Las Vegas Sun

March 29, 2024

SUN EDITORIAL:

Cutting to the bone

People will feel the effects of the budget ax if proposed cuts are enacted

State agencies recently submitted their responses to Gov. Jim Gibbons’ request for 10 percent budget cuts for the next two fiscal years. Gibbons’ office asked for the ideas as it prepares a draft budget to hand over to the next governor.

As David McGrath Schwartz reported in Thursday’s Las Vegas Sun, the 455 pages of recommendations include some sobering suggestions. If they are adopted, a prison would close, as would four of the state’s seven museums. The elderly would lose hearing aids and dentures, and 17,000 seniors would lose assistance to pay property taxes or rent.

Despite rhetoric from the far right about government being “bloated,” this is the reality of what Nevada faces. The next governor and the new Legislature in 2011 will have to make decisions that will seriously affect people’s lives.

For example, the Health and Human Services Department, which is one of the state’s largest agencies, was asked to recommend $200 million in cuts, and as part of that, it suggested eliminating a program that helps 6,500 disabled Nevadans. The program pays for a personal-care aide for disabled people for a few hours a day, allowing them to stay in their homes. But since the program isn’t mandated under Medicaid, it was ripe for cutting, and doing so would save $55 million over two years.

“We needed to cut spending. The only way to do that is reducing programs,” said Ben Kieckhefer, Health and Human Services spokesman. “If it was not this one, it would be something else.”

However, cutting the program would take a serious toll, both in terms of human and financial cost.

For Michael Hawley, who has been a quadriplegic since a motorcycle accident in 2008, the aide helps him brush his teeth, change his diaper and clean up. The aide is crucial in helping him live on his own. Without the help, he said he would be in a nursing home, and that would cost at least twice as much as it costs for his personal care, food stamps and Social Security, combined.

That doesn’t make fiscal sense, but that’s what the Legislature may opt to do to balance the budget in the short term. As ridiculous as that sounds, there is a long history in this state of governors and lawmakers balancing the budget by focusing solely on the short term. Thus the state limps from one legislative session to the next.

The special session of the Legislature called this year to make budget cuts is a prime example.
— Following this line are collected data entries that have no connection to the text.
Lemma minimal_RD_of_cover (X D : {set T}) :
  X \subset [set v | chi v] -> irredundant_cover e X D ->
  [set v | chi v] \subset nbhdS e D -> minimal_RD e chi D.
Proof.
move=> Xred [_ priv] red_D.
have D_red : nbhdS e D \subset [set v | chi v].
  apply/subsetP => x /nbhdSP[w wD ewx]; have [y /(subsetP Xred) yred [ewy _]] := priv w wD.
  by move: yred; rewrite !inE (proper_nbr_colour ewx) (proper_nbr_colour ewy); case: (chi w).
have DE : nbhdS e D = [set v | chi v] by apply/eqP; rewrite eqEsubset D_red red_D.
apply/minimal_dominatingP; split=> //; split; first by rewrite DE.
by move=> v vD; have [x xX px] := priv v vD; exists x => //; exact: (subsetP Xred).
Qed.

Lemma mixed_of_minimal_RD (D1 D2 : {set T}) :
  (forall v, exists w, e w v) ->
  minimal_RD e chi D1 -> minimal_RD e chi D2 -> #|D1| != #|D2| -> mixed e.
Proof.
move=> nbr minD1 minD2 D12; pose red := [set v | chi v].
have [E Ered coverE] : exists2 E : {set T}, E \subset red & irredundant_cover e (~: red) E.
  apply: exists_irredundant_cover; apply/subsetP => v; rewrite !inE => blue_v.
  have [w ewv] := nbr v; apply/nbhdSP; exists w => //.
  by move: blue_v; rewrite inE (proper_nbr_colour ewv); case: (chi w).
have E_blue : [disjoint nbhdS e E & red].
  rewrite disjoints_subset; apply/subsetP => x /nbhdSP[w /(subsetP Ered)].
  by rewrite !inE => red_w /proper_nbr_colour ->; rewrite red_w.
have minTD D : minimal_RD e chi D -> minimal_TD e (D :|: E) /\ #|D :|: E| = #|D| + #|E|.
  case/minimal_dominatingP => DE coverD.
  have D_red : [disjoint nbhdS e D & ~: red] by rewrite DE disjoints_subset setCK.
  have := irredundant_coverU coverD coverE D_red E_blue; rewrite setUCr => cover.
  split; last exact: card_irredundant_coverU coverD E_blue.
  apply/minimal_dominatingP; split=> //; apply/eqP; rewrite eqEsubset subsetT; exact: cover.1.
have [TD1 card1] := minTD D1 minD1; have [TD2 card2] := minTD D2 minD2.
by exists (D1 :|: E), (D2 :|: E); rewrite card1 card2 eqn_add2r.
Qed.

End Colouring.

Definition remove_edge (T : eqType) (e : rel T) (u v : T) : rel T :=
  [rel x y | e x y && ~~ ((x == u) && (y == v) || (x == v) && (y == u))].

Lemma remove_edge_avoid (T : eqType) (e : rel T) u v x y :
  e x y -> (x != u) && (y != u) || (x != v) && (y != v) -> remove_edge e u v x y.
Proof.
move=> exy; rewrite /remove_edge /= exy.
by case: (x == u); case: (y == v); case: (x == v); case: (y == u).
Qed.

Section Tree.
Variables (T : finType) (e : rel T).
Hypothesis tree : is_tree e.

Lemma tree_sym : symmetric e. Proof. by case: tree => -[]. Qed.

Lemma tree_connected x y : connect e x y. Proof. by case: tree. Qed.

Lemma edge_neq u v : e u v -> u != v.
Proof. by case: tree => -[_ eirr] _ _ _; apply: contraTneq => ->; rewrite eirr. Qed.

Lemma tree_nbr x y v : e x y -> exists w, e w v.
Proof.
move=> exy; have [w evw] := connected_nbr tree_connected v (edge_neq exy).
by exists w; rewrite tree_sym.
Qed.

Lemma nonleaf_two_nbrs x y v : e x y -> ~~ leaf e v -> 1 < #|nbhd e v|.
Proof.
move=> exy; rewrite /leaf => nonleaf_v; have [w ewv] := tree_nbr v exy.
have : 0 < #|nbhd e v| by apply/card_gt0P; exists w; rewrite in_nbhd tree_sym.
by move: nonleaf_v; case: #|nbhd e v| => [|[|k]].
Qed.

Lemma remove_edge_disconnects u v : e u v -> ~~ connect (remove_edge e u v) u v.
Proof.
move=> euv; apply/negP => conn_uv; set f := remove_edge e u v.
have fsym : symmetric f.
  move=> x y; rewrite /f /remove_edge /= tree_sym.
  by case: (x == u); case: (y == v); case: (x == v); case: (y == u).
have fconn x y : connect f x y.
  apply: (connect_sub _ (tree_connected x y)) => z w ezw.
  case: (boolP ((z == u) && (w == v) || (z == v) && (w == u))) =>
      [/orP[/andP[/eqP-> /eqP->] | /andP[/eqP-> /eqP->]] | not_uv].
  - exact: conn_uv.
  - by rewrite (sym_connect_sym fsym).
  - by apply: connect1; rewrite /f /remove_edge /= ezw not_uv.
have darts_f : darts f = darts e :\ (u, v) :\ (v, u).
  apply/setP => -[x y]; rewrite !inE /f /remove_edge /= !xpair_eqE.
  by case: (x == u); case: (y == v); case: (x == v); case: (y == u); case: (e x y).
have card_uv := cardsD1 (u, v) (darts e).
have card_vu := cardsD1 (v, u) (darts e :\ (u, v)).
rewrite !inE /= euv tree_sym euv xpair_eqE (negbTE (edge_neq euv)) andbF /=
  in card_uv card_vu.
case: tree => _ _ _ card_darts; have := card_darts_connected fconn fsym.
by rewrite darts_f -card_darts card_uv card_vu !add1n ltnNge leqnSn.
Qed.

Lemma common_nbrs_eq p q x y : p != q -> e p x -> e q x -> e p y -> e q y -> x = y.
Proof.
move=> pq epx eqx epy eqy; case: (eqVneq x y) => // xy.
case/negP: (remove_edge_disconnects epx); apply: (connect_trans (y := y)).
  apply/connect1/remove_edge_avoid => //; apply/orP; right.
  by rewrite (edge_neq epx) eq_sym xy.
apply: (connect_trans (y := q)).
  apply/connect1/remove_edge_avoid; first by rewrite tree_sym.
  by apply/orP; right; rewrite eq_sym xy (edge_neq eqx).
apply/connect1/remove_edge_avoid => //; apply/orP; left.
by rewrite eq_sym pq eq_sym (edge_neq epx).
Qed.

Lemma exists_nbr_nonadjacent r q : 1 < #|nbhd e r| -> r != q -> exists2 w, e r w & ~~ e q w.
Proof.
case/card_gt1P => x [y [/[!in_nbhd] erx ery xy]] rq.
case eqx: (e q x); last by exists x; rewrite ?eqx.
case eqy: (e q y); last by exists y; rewrite ?eqy.
by case/eqP: xy; exact: common_nbrs_eq rq erx eqx ery eqy.
Qed.

Lemma exists_cover_avoiding q (X : {set T}) :
  {in X, forall r, 1 < #|nbhd e r|} -> q \notin X ->
  exists2 D, irredundant_cover e X D & [disjoint D & nbhd e q].
Proof.
move=> two_nbrs qX.
have XW : X \subset nbhdS e (~: nbhd e q).
  apply/subsetP => r rX; have rq : r != q by apply: contraNneq qX => <-.
  have [w erw eqw] := exists_nbr_nonadjacent (two_nbrs r rX) rq.
  by apply/nbhdSP; exists w; rewrite ?inE ?in_nbhd // tree_sym.
by have [D sD coverD] := exists_irredundant_cover XW; exists D; rewrite ?disjoints_subset.
Qed.

Lemma exists_cover_through c x (X : {set T}) :
  {in X, forall r, 1 < #|nbhd e r|} -> x \in X -> e c x ->
  exists2 D, irredundant_cover e X D & c \in D.
Proof.
move=> two_nbrs xX ecx.
have XW : X \subset nbhdS e (c |: ~: nbhd e x).
  apply/subsetP => r rX; apply/nbhdSP; case: (eqVneq r x) => [->|rx].
    by exists c; rewrite ?setU11.
  have [w erw exw] := exists_nbr_nonadjacent (two_nbrs r rX) rx.
  by exists w; rewrite ?in_setU1 ?in_setC ?in_nbhd ?exw ?orbT // tree_sym.
have [D sD [XD priv]] := exists_irredundant_cover XW; exists D => //.
have /nbhdSP[w wD ewx] := subsetP XD x xX.
move/subsetP/(_ w wD): sD; rewrite in_setU1 in_setC in_nbhd tree_sym ewx orbF.
by move/eqP <-.
Qed.

End Tree.

Section SupportVertex.
Variables (T : finType) (e : rel T) (chi : T -> bool).
Hypotheses (tree : is_tree e) (proper : proper_2coloring e chi)
  (leaf_blue : forall v, leaf e v -> chi v = false).
Variables (s l a b : T).
Hypotheses (esl : e s l) (leaf_l : leaf e l) (esa : e s a) (esb : e s b) (ab : a != b)
  (nonleaf_a : ~~ leaf e a) (nonleaf_b : ~~ leaf e b).

Let esym := tree_sym tree.

Lemma s_red : chi s.
Proof. by rewrite (proper_nbr_colour proper (_ : e l s)) ?leaf_blue // esym. Qed.

Lemma blue_of_nbr_s v : e s v -> chi v = false.
Proof. by move/(proper_nbr_colour proper) ->; rewrite s_red. Qed.

Local Notation off_s := [rel x y | e x y && (x != s) && (y != s)].
Local Notation side := (connect off_s a).

Lemma side_edge u w : e u w -> u != s -> w != s -> side u = side w.
Proof.
move=> euw us ws; apply/idP/idP => conn; apply: (connect_trans conn).
  by apply: connect1; rewrite /= euw us ws.
by apply: connect1; rewrite /= esym euw us ws.
Qed.

Lemma s_notin_side : ~~ side s.
Proof.
apply/negP => /connectP[p]; elim/last_ind: p => [|p z _] /=.
  by move=> _ sa; move: (edge_neq tree esa); rewrite -sa eqxx.
rewrite rcons_path last_rcons => /andP[_ /andP[_ zs]] sz.
by rewrite -sz eqxx in zs.
Qed.

Lemma b_notin_side : ~~ side b.
Proof.
apply/negP => conn_ab; have eas : e a s by rewrite esym.
case/negP: (remove_edge_disconnects tree eas).
apply: (connect_trans (y := b)).
  apply: connect_sub conn_ab => x y /andP[/andP[exy xs] ys]; apply: connect1.
  by apply: remove_edge_avoid exy _; rewrite xs ys orbT.
apply/connect1/remove_edge_avoid; first by rewrite esym.
by rewrite eq_sym ab (edge_neq tree esa).
Qed.

Local Notation Rin := [set r | chi r & side r].
Local Notation Rout := ([set r | chi r & ~~ side r] :\ s).

Lemma RinUout : Rin :|: Rout = [set v | chi v] :\ s.
Proof.
apply/setP => v; rewrite !inE; case: (eqVneq v s) => [->|_] /=.
  by rewrite (negbTE s_notin_side) andbF.
by case: (chi v); case: (side v).
Qed.

Lemma Rin_sub : Rin \subset [set v | chi v] :\ s.
Proof. by rewrite -RinUout subsetUl. Qed.

Lemma Rout_sub : Rout \subset [set v | chi v] :\ s.
Proof. by rewrite -RinUout subsetUr. Qed.

Lemma two_nbrs_of_red (X : {set T}) :
  X \subset [set v | chi v] :\ s -> {in X, forall r, 1 < #|nbhd e r|}.
Proof.
move=> Xred r /(subsetP Xred); rewrite !inE => /andP[_ red_r].
by apply: (nonleaf_two_nbrs tree esl); apply: contraL red_r => /leaf_blue ->.
Qed.

Lemma cover_nbr_side (X D : {set T}) v u :
  X \subset [set v | chi v] :\ s -> irredundant_cover e X D -> v \in D -> e v u -> u != s ->
  exists2 x, x \in X & side u = side x.
Proof.
move=> Xred [_ priv] vD evu us; have [x xX [evx _]] := priv v vD.
move/subsetP/(_ x xX): Xred; rewrite !inE => /andP[xs red_x].
have vs : v != s.
  by apply: contraTneq red_x => vs; rewrite (proper_nbr_colour proper evx) vs s_red.
by exists x => //; rewrite -(side_edge evu vs us) (side_edge evx vs xs).
Qed.

Lemma nbhdS_Rin_cover (D : {set T}) : irredundant_cover e Rin D -> [disjoint nbhdS e D & Rout].
Proof.
move=> coverD; rewrite disjoints_subset; apply/subsetP => u /nbhdSP[v vD evu].
rewrite !inE; apply/negP => /andP[us /andP[_ u_out]].
have [x /[!inE] /andP[_ x_in] side_ux] := cover_nbr_side Rin_sub coverD vD evu us.
by rewrite side_ux x_in in u_out.
Qed.

Lemma nbhdS_Rout_cover (D : {set T}) : irredundant_cover e Rout D -> [disjoint nbhdS e D & Rin].
Proof.
move=> coverD; rewrite disjoints_subset; apply/subsetP => u /nbhdSP[v vD evu].
rewrite !inE; apply/negP => /andP[_ u_in].
have us : u != s by apply: contraTneq u_in => ->; exact: s_notin_side.
have [x /[!inE] /andP[_ /andP[_ x_out]] side_ux] := cover_nbr_side Rout_sub coverD vD evu us.
by rewrite side_ux (negbTE x_out) in u_in.
Qed.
Lawmakers were presented with recommendations that included cutting hearing aids for seniors and adult diapers. Those programs were saved, but the number of adult diapers a person could receive was cut.

When the Legislature is dealing with trying to balance the budget by cutting adult diapers, voters should take that as a sign of a much bigger problem, not just the state budget but the state’s priorities.

Unfortunately, this election cycle has been steeped in the Tea Party’s rhetoric, and as a result, there are too many candidates who proudly think they have the “solution” to the state’s problems — slash the “bloated” budget and curb “big” government. Those candidates who make such claims fail to see through their narrow ideology to understand the facts: Nevada has a paucity of services and one of the smallest governments per capita in the nation.

The truth is that making more sweeping budget cuts will further erode the quality of life here, and axing preventive services will cost the taxpayers more money in the long run. That’s foolish.

Nevadans want leaders who understand that simplistic across-the-board cuts do nothing to help restore the state’s fortunes. The state needs leaders who can articulate a positive vision and who can chart a course to make Nevada great — for everyone.